*** RECORDS SUPPLIED ***

(* In every run of the algorithm described in the context, for all $i,j\in\{1,\dots,n\}$, every change of the value of the local variable $w\_sync_i[j]$ increases it by exactly $1$.
   Context: Model. There are $n$ asynchronous processes $p_1,\dots,p_n$, of which up to $t<n/2$ may crash; a process runs its algorithm correctly until it crashes. Each ordered pair of processes is linked by a reliable (no loss, corruption, duplication or creation), asynchronous, not necessarily FIFO channel. $p_w$ is the single writer, invoking writes sequentially; $v_0$ is the initial value. Messages: $\textsc{write}(b,v)$ with $b\in\{0,1\}$, which stands for the two types $\textsc{write0}(v)$ and $\textsc{write1}(v)$; $\textsc{read}()$; $\textsc{proceed}()$. Variables of $p_i$. These are: $history_i$ with $history_i[0]=v_0$; $w\_sync_i[1..n]$, initially all $0$; $r\_sync_i[1..n]$, initially all $0$. $\mathsf{write}(v)$ by $p_w$: $wsn\gets w\_sync_w[w]+1$; $w\_sync_w[w]\gets wsn$; $history_w[wsn]\gets v$. Send $\textsc{write}(wsn\bmod 2,v)$ to each $p_j$ with $w\_sync_w[j]=wsn-1$. Wait until at least $n-t$ indices $j$ have $w\_sync_w[j]=wsn$. Return. $\mathsf{read}()$ by $p_i$: $r\_sync_i[i]\gets r\_sync_i[i]+1$ and call the new value $rsn$. Send $\textsc{read}()$ to all $p_j$ with $j\ne i$. Wait until at least $n-t$ indices $j$ have $r\_sync_i[j]=rsn$. Let $sn\gets w\_sync_i[i]$. Wait until at least $n-t$ indices $j$ have $w\_sync_i[j]\ge sn$. Return $history_i[sn]$. On receipt of $\textsc{write}(b,v)$ from $p_j$ at $p_i$: Wait until $b=(w\_sync_i[j]+1)\bmod 2$. Let $wsn\gets w\_sync_i[j]+1$. If $wsn=w\_sync_i[i]+1$, then set $w\_sync_i[i]\gets wsn$ and $history_i[wsn]\gets v$, and send $\textsc{write}(wsn\bmod 2,v)$ to each $p_\ell$ with $w\_sync_i[\ell]=wsn-1$. Else, if $wsn<w\_sync_i[i]$, send $\textsc{write}((wsn+1)\bmod 2,history_i[wsn+1])$ to $p_j$. Finally set $w\_sync_i[j]\gets wsn$. On receipt of $\textsc{read}()$ from $p_j$ at $p_i$: Let $sn\gets w\_sync_i[i]$; wait until $w\_sync_i[j]\ge sn$; send $\textsc{proceed}()$ to $p_j$. On receipt of $\textsc{proceed}()$ from $p_j$ at $p_i$: $r\_sync_i[j]\gets r\_sync_i[j]+1$. Message handlers run concurrently; a waiting handler does not block the reception of other messages. *)

From mathcomp Require Import all_boot.
Set Implicit Arguments.
Unset Strict Implicit.
Unset Printing Implicit Defensive.

Section Algorithm.

(* n processes p_0..p_{n-1} (indexed by 'I_n), at most t crashes,
   p_w is the single writer, V the value type, v0 the initial value. *)
Variables (n t : nat) (w : 'I_n) (V : Type) (v0 : V).

(* Messages: WRITE(b,v) (b = 0 or 1), READ(), PROCEED(). *)
Inductive msg := MWrite of nat & V | MRead | MProceed.

Record packet := Pkt { src : 'I_n; dst : 'I_n; payload : msg }.

(* A handler instance that has been started (message received) and is
   possibly waiting.  For READ() the value sn = w_sync_i[i] is captured at
   receipt time, as in the code. *)
Inductive handler :=
  | HWrite of 'I_n & nat & V      (* sender j, bit b, value v *)
  | HRead of 'I_n & nat.          (* sender j, captured sn *)

Inductive opstate :=
  | Idle
  | WriteWait of nat              (* waiting after write, with wsn *)
  | ReadWait1 of nat              (* first wait of read, with rsn *)
  | ReadWait2 of nat.             (* second wait of read, with sn *)

Record pstate := PState {
  history : nat -> V;
  w_sync : 'I_n -> nat;
  r_sync : 'I_n -> nat;
  op : opstate;
  handlers : seq handler;
  crashed : bool }.

Record gstate := GState { procs : 'I_n -> pstate; net : seq packet }.

Definition upd (A : Type) (f : 'I_n -> A) (k : 'I_n) (x : A) : 'I_n -> A :=
  fun l => if l == k then x else f l.

Definition updh (f : nat -> V) (k : nat) (x : V) : nat -> V :=
  fun l => if l == k then x else f l.

(* history_i[0] = v0; the other (not yet written) entries are given the
   arbitrary default v0. *)
Definition init_pstate : pstate :=
  PState (fun _ => v0) (fun _ => 0) (fun _ => 0) Idle [::] false.

Definition init_gstate : gstate := GState (fun _ => init_pstate) [::].

Definition set_proc (s : gstate) (i : 'I_n) (p : pstate) (out : seq packet)
  : gstate :=
  GState (upd (procs s) i p) (net s ++ out).

Definition with_ws (p : pstate) (ws : 'I_n -> nat) : pstate :=
  PState (history p) ws (r_sync p) (op p) (handlers p) (crashed p).
Definition with_hist_ws (p : pstate) (h : nat -> V) (ws : 'I_n -> nat)
  : pstate :=
  PState h ws (r_sync p) (op p) (handlers p) (crashed p).
Definition with_rs (p : pstate) (rs : 'I_n -> nat) : pstate :=
  PState (history p) (w_sync p) rs (op p) (handlers p) (crashed p).
Definition with_op (p : pstate) (o : opstate) : pstate :=
  PState (history p) (w_sync p) (r_sync p) o (handlers p) (crashed p).
Definition with_handlers (p : pstate) (hs : seq handler) : pstate :=
  PState (history p) (w_sync p) (r_sync p) (op p) hs (crashed p).
Definition with_crashed (p : pstate) : pstate :=
  PState (history p) (w_sync p) (r_sync p) (op p) (handlers p) true.

(* Body of the WRITE(b,v) handler at p_i for a message from p_j, executed
   (atomically) once its wait condition holds.  Returns new local state and
   the messages sent. *)
Definition write_body (i j : 'I_n) (v : V) (p : pstate) : pstate * seq packet :=
  let wsn := (w_sync p j).+1 in
  if wsn == (w_sync p i).+1 then
    let ws1 := upd (w_sync p) i wsn in
    let h1 := updh (history p) wsn v in
    let out := [seq Pkt i l (MWrite (wsn %% 2) v)
               | l <- enum 'I_n & ws1 l == wsn - 1] in
    (with_hist_ws p h1 (upd ws1 j wsn), out)
  else if wsn < w_sync p i then
    (with_ws p (upd (w_sync p) j wsn),
     [:: Pkt i j (MWrite (wsn.+1 %% 2) (history p wsn.+1))])
  else (with_ws p (upd (w_sync p) j wsn), [::]).

Definition ncrashed (s : gstate) : nat := #|[pred k : 'I_n | crashed (procs s k)]|.

(* One atomic step of the system.  Only waits are interleaving points:
   the code between two waits executes atomically. *)
Inductive step : gstate -> gstate -> Prop :=
  | StWriteInv s v :
      let p := procs s w in
      ~~ crashed p -> op p = Idle ->
      let wsn := (w_sync p w).+1 in
      let ws1 := upd (w_sync p) w wsn in
      let out := [seq Pkt w l (MWrite (wsn %% 2) v)
                 | l <- enum 'I_n & ws1 l == wsn - 1] in
      step s (set_proc s w
                (with_op (with_hist_ws p (updh (history p) wsn v) ws1)
                   (WriteWait wsn)) out)
  | StWriteRet s wsn :
      let p := procs s w in
      ~~ crashed p -> op p = WriteWait wsn ->
      n - t <= #|[pred j : 'I_n | w_sync p j == wsn]| ->
      step s (set_proc s w (with_op p Idle) [::])
  | StReadInv s i :
      let p := procs s i in
      ~~ crashed p -> op p = Idle ->
      let rsn := (r_sync p i).+1 in
      let out := [seq Pkt i l MRead | l <- enum 'I_n & l != i] in
      step s (set_proc s i
                (with_op (with_rs p (upd (r_sync p) i rsn)) (ReadWait1 rsn))
                out)
  | StReadMid s i rsn :
      let p := procs s i in
      ~~ crashed p -> op p = ReadWait1 rsn ->
      n - t <= #|[pred j : 'I_n | r_sync p j == rsn]| ->
      step s (set_proc s i (with_op p (ReadWait2 (w_sync p i))) [::])
  (* second wait of read() completes; read returns history_i[sn] *)
  | StReadRet s i sn :
      let p := procs s i in
      ~~ crashed p -> op p = ReadWait2 sn ->
      n - t <= #|[pred j : 'I_n | sn <= w_sync p j]| ->
      step s (set_proc s i (with_op p Idle) [::])
  | StRecvWrite s s1 s2 j i b v :
      net s = s1 ++ Pkt j i (MWrite b v) :: s2 ->
      let p := procs s i in
      ~~ crashed p ->
      step s (GState (upd (procs s) i
                        (with_handlers p (rcons (handlers p) (HWrite j b v))))
                     (s1 ++ s2))
  | StRecvRead s s1 s2 j i :
      net s = s1 ++ Pkt j i MRead :: s2 ->
      let p := procs s i in
      ~~ crashed p ->
      step s (GState (upd (procs s) i
                        (with_handlers p
                           (rcons (handlers p) (HRead j (w_sync p i)))))
                     (s1 ++ s2))
  | StRecvProceed s s1 s2 j i :
      net s = s1 ++ Pkt j i MProceed :: s2 ->
      let p := procs s i in
      ~~ crashed p ->
      step s (GState (upd (procs s) i
                        (with_rs p (upd (r_sync p) j (r_sync p j).+1)))
                     (s1 ++ s2))
  | StExecWrite s i h1 h2 j b v :
      let p := procs s i in
      ~~ crashed p ->
      handlers p = h1 ++ HWrite j b v :: h2 ->
      b = (w_sync p j + 1) %% 2 ->
      let r := write_body i j v (with_handlers p (h1 ++ h2)) in
      step s (set_proc s i r.1 r.2)
  | StExecRead s i h1 h2 j sn :
      let p := procs s i in
      ~~ crashed p ->
      handlers p = h1 ++ HRead j sn :: h2 ->
      sn <= w_sync p j ->
      step s (set_proc s i (with_handlers p (h1 ++ h2)) [:: Pkt i j MProceed])
  | StCrash s i :
      ~~ crashed (procs s i) -> ncrashed s < t ->
      step s (GState (upd (procs s) i (with_crashed (procs s i))) (net s)).

(* A run: an infinite sequence of global states starting in the initial
   state, each transition being a step of the system or a stuttering step
   (so that finite executions are included). *)
Definition is_run (r : nat -> gstate) : Prop :=
  r 0 = init_gstate /\ forall k, step (r k) (r k.+1) \/ r k.+1 = r k.

End Algorithm.

From mathcomp Require Import all_boot.

(* [w_sync] entries are only ever overwritten by [wsn], the successor of the
   entry being replaced: in the first branch of [write_body] both slots [i]
   and [j] receive [wsn = (w_sync p j).+1], which equals [(w_sync p i).+1]. *)
Lemma write_body_w_sync {n : nat} {V : Type} (i j : 'I_n) (v : V)
    (p : pstate n V) (l : 'I_n) :
  w_sync (write_body i j v p).1 l = w_sync p l \/
  w_sync (write_body i j v p).1 l = (w_sync p l).+1.
Proof.
rewrite /write_body /upd.
case: ifP => [/eqP wsn_eq|_]; last case: ifP => _; rewrite /=.
all: have [->|_] := eqVneq l j; [by right|].
all: try by left.
by have [->|_] := eqVneq l i; [rewrite wsn_eq; right | left].
Qed.

Lemma step_w_sync {n t : nat} {w : 'I_n} {V : Type} {s s' : gstate n V}
    (i j : 'I_n) :
  step t w s s' ->
  w_sync (procs s' i) j = w_sync (procs s i) j \/
  w_sync (procs s' i) j = (w_sync (procs s i) j).+1.
Proof.
case=> /= *; rewrite /upd; have [->|_] := eqVneq i _; rewrite /=; try by left.
- by have [->|_] := eqVneq j w; [right | left].
- exact: write_body_w_sync.
Qed.

Theorem lemma1 (n t : nat) (w : 'I_n) (V : Type) (v0 : V) :
  2 * t < n ->
  forall r : nat -> gstate n V,
    is_run t w v0 r ->
    forall (k : nat) (i j : 'I_n),
      w_sync (procs (r k.+1) i) j <> w_sync (procs (r k) i) j ->
      w_sync (procs (r k.+1) i) j = (w_sync (procs (r k) i) j).+1.
Proof.
move=> _ r [_ run_step] k i j ws_changed.
case: (run_step k) => [step_k|stutter]; last by rewrite stutter in ws_changed.
by case: (step_w_sync i j step_k).
Qed.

*** End of RECORDS SUPPLIED ***

### PROBLEM DETAILS:
Copy out each line of the records where the word "HRead" appears.

### RESPONSE AREA:
  | HRead of 'I_n & nat.          (* sender j, captured sn *)
                           (rcons (handlers p) (HRead j (w_sync p i)))))
      handlers p = h1 ++ HRead j sn :: h2 ->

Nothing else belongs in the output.